A key way for physicians and scientists to evaluate treatment approaches  is by reviewing the published professional literature. Publication includes the peer-review process by which experts in the particular field at the journal review the work submitted.
This typically includes a careful review of the background, design, methods, results, statistics, and conclusions.
When an article is accepted and published, it has been evaluated at multiple levels. This filtering process lets significant, carefully evaluated and vetted work be published.
A highly venerable source of medical publications is called PubMed. PubMed is part of the US National Library of Medicine and National Institutes of Health of the United States.  For journals to be listed on PubMed requires a lengthy, multi-year process.  Only thoroughly vetted and highly regarded journals become listed, further filtering for quality publications. This results in a large database of articles  from the best, most reliable journals.

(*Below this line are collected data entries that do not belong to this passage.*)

End MixedDiscriminant.

Lemma invR_ge1 (a : R) : Rlt R0 a -> Rle a 1 -> Rle 1 a^-1.
Proof.
move=> a_gt0 a_le1; have -> : a^-1 = Rinv a.
  rewrite /GRing.inv /= /R_inv; case: Req_EM_T => // a0.
  by case: (Rlt_not_eq _ _ a_gt0 (esym a0)).
by rewrite -Rinv_1; apply: Rinv_le_contravar.
Qed.

Lemma lndet_min_det_le1 n (Q : 'I_n -> 'M[R]_n) (xi : 'I_n -> R) :
  (forall i, posdef_mx (Q i)) -> \sum_i \tr (Q i) = n%:R ->
  (forall x, in_H x -> Rle (f_lndet Q xi) (f_lndet Q x)) ->
  Rle (\det (\sum_i exp (xi i) *: Q i)) 1.
Proof.
move=> posQ trQ xi_min.
have posQsum : posdef_mx (\sum_i Q i).
  by have := posdef_sum_scale (fun=> Rlt_0_1) posQ; under eq_bigr do rewrite scale1r.
have sumQE : \sum_i Q i = \sum_i exp ((fun=> 0 : R) i) *: Q i.
  by apply: eq_bigr => i _; rewrite exp_0 scale1r.
have ln_le : Rle (f_lndet Q xi) (ln (\det (\sum_i Q i))).
  by rewrite sumQE; apply: xi_min; rewrite /in_H big1.
apply: (Rle_trans _ (\det (\sum_i Q i))).
  apply: Rnot_lt_le => lt.
  exact: Rlt_not_le _ _ (ln_increasing _ _ (posdef_det_pos posQsum) lt) ln_le.
apply: Rle_trans (posdef_det_le_exp_tr posQsum) _.
by rewrite raddf_sum trQ Rminus_diag exp_0; apply: Rle_refl.
Qed.

Theorem lemma2p2 (n : nat) (Q : 'I_n -> 'M[R]_n)
  (hQ : forall i, posdef_mx (Q i))
  (htr : \sum_(i < n) \tr (Q i) = n%:R)
  (xi : 'I_n -> R) (hxiH : in_H xi)
  (hmin : forall x : 'I_n -> R, in_H x -> Rle (f_lndet Q xi) (f_lndet Q x))
  (S : 'M[R]_n) (hS : S^T *m S = \sum_(i < n) exp (xi i) *: Q i)
  (T : 'M[R]_n) (hT : T = invmx S) :
  let tau := fun i => exp (xi i) in
  let B := fun i => tau i *: (T^T *m Q i *m T) in
  Rge (mixed_discr B) (mixed_discr Q).
Proof.
move=> tau B.
have [L defQ] := fin_all_exists (fun m => posdef_cholesky (hQ m)).
have DQ : mixed_discr Q = mxdiscr (fun m => L m *m (L m)^T).
  by apply: eq_mxdiscr => m; rewrite -(proj2 (defQ m)).
have DB : mixed_discr B = \det T ^+ 2 * mixed_discr Q.
  have eqB m : B m = tau m *: (T^T *m L m *m (T^T *m L m)^T).
    by rewrite /B (proj2 (defQ m)) trmx_mul trmxK !mulmxA.
  rewrite -[mixed_discr B]/(mxdiscr B) (eq_mxdiscr eqB) mxdiscr_scale mxdiscr_gram_congr det_tr -DQ.
  by rewrite /tau -exp_sum hxiH exp_0 mul1r.
have detA_pos := posdef_det_pos (posdef_sum_scale (fun i => exp_pos (xi i)) hQ).
have detT2 : \det T ^+ 2 = (\det (\sum_i exp (xi i) *: Q i))^-1.
  by rewrite hT det_inv -hS det_mulmx det_tr -expr2 exprVn.
have DQ_ge0 : Rle R0 (mixed_discr Q).
  by rewrite DQ mxdiscr_gram; apply: Rsum_ge0 => k _; rewrite expr2; apply: Rle_0_sqr.
rewrite DB detT2; apply: Rle_ge; rewrite -{1}(Rmult_1_l (mixed_discr Q)).
by apply: Rmult_le_compat_r => //; apply: invR_ge1 => //; apply: lndet_min_det_le1.
Qed.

Any person can go to PubMed and put in search terms for their disease along with Bone Marrow Derived Stem Cells or Stem Cells (BMSC) .  Just this search term alone yields almost 20,000 articles- this reflects the enormous amount of research that has been done concerning BMSC.  This can be narrowed easily by putting in specific diseases or conditions as well.  This is search focused on real science, not advertisements or clicks. The articles typically have an abstract which is a summary of the article with key points. Although sometimes there are scientific terms and special knowledge needed to fully comprehend the abstract, a little effort will yield a remarkable amount of understanding for you.  Don't think searching the first page or two of Google or Bing will give you the real information you need to make a decision about treatment.  Do your homework and don't be mislead by sensational or trashy statements posted on search engines.

Another large compendium is PLOS or the Public Library of Science. There are also a number of other lesser known compendiums with quality journals.

Doing your own background work will help you become comfortable with the subject and able to make better decisions as to whether stem cells, and specifically the BMSC approach we use, is something you should consider.  Listening to advertisements, blogs and rants on the internet is definitely not the best way to make decisions!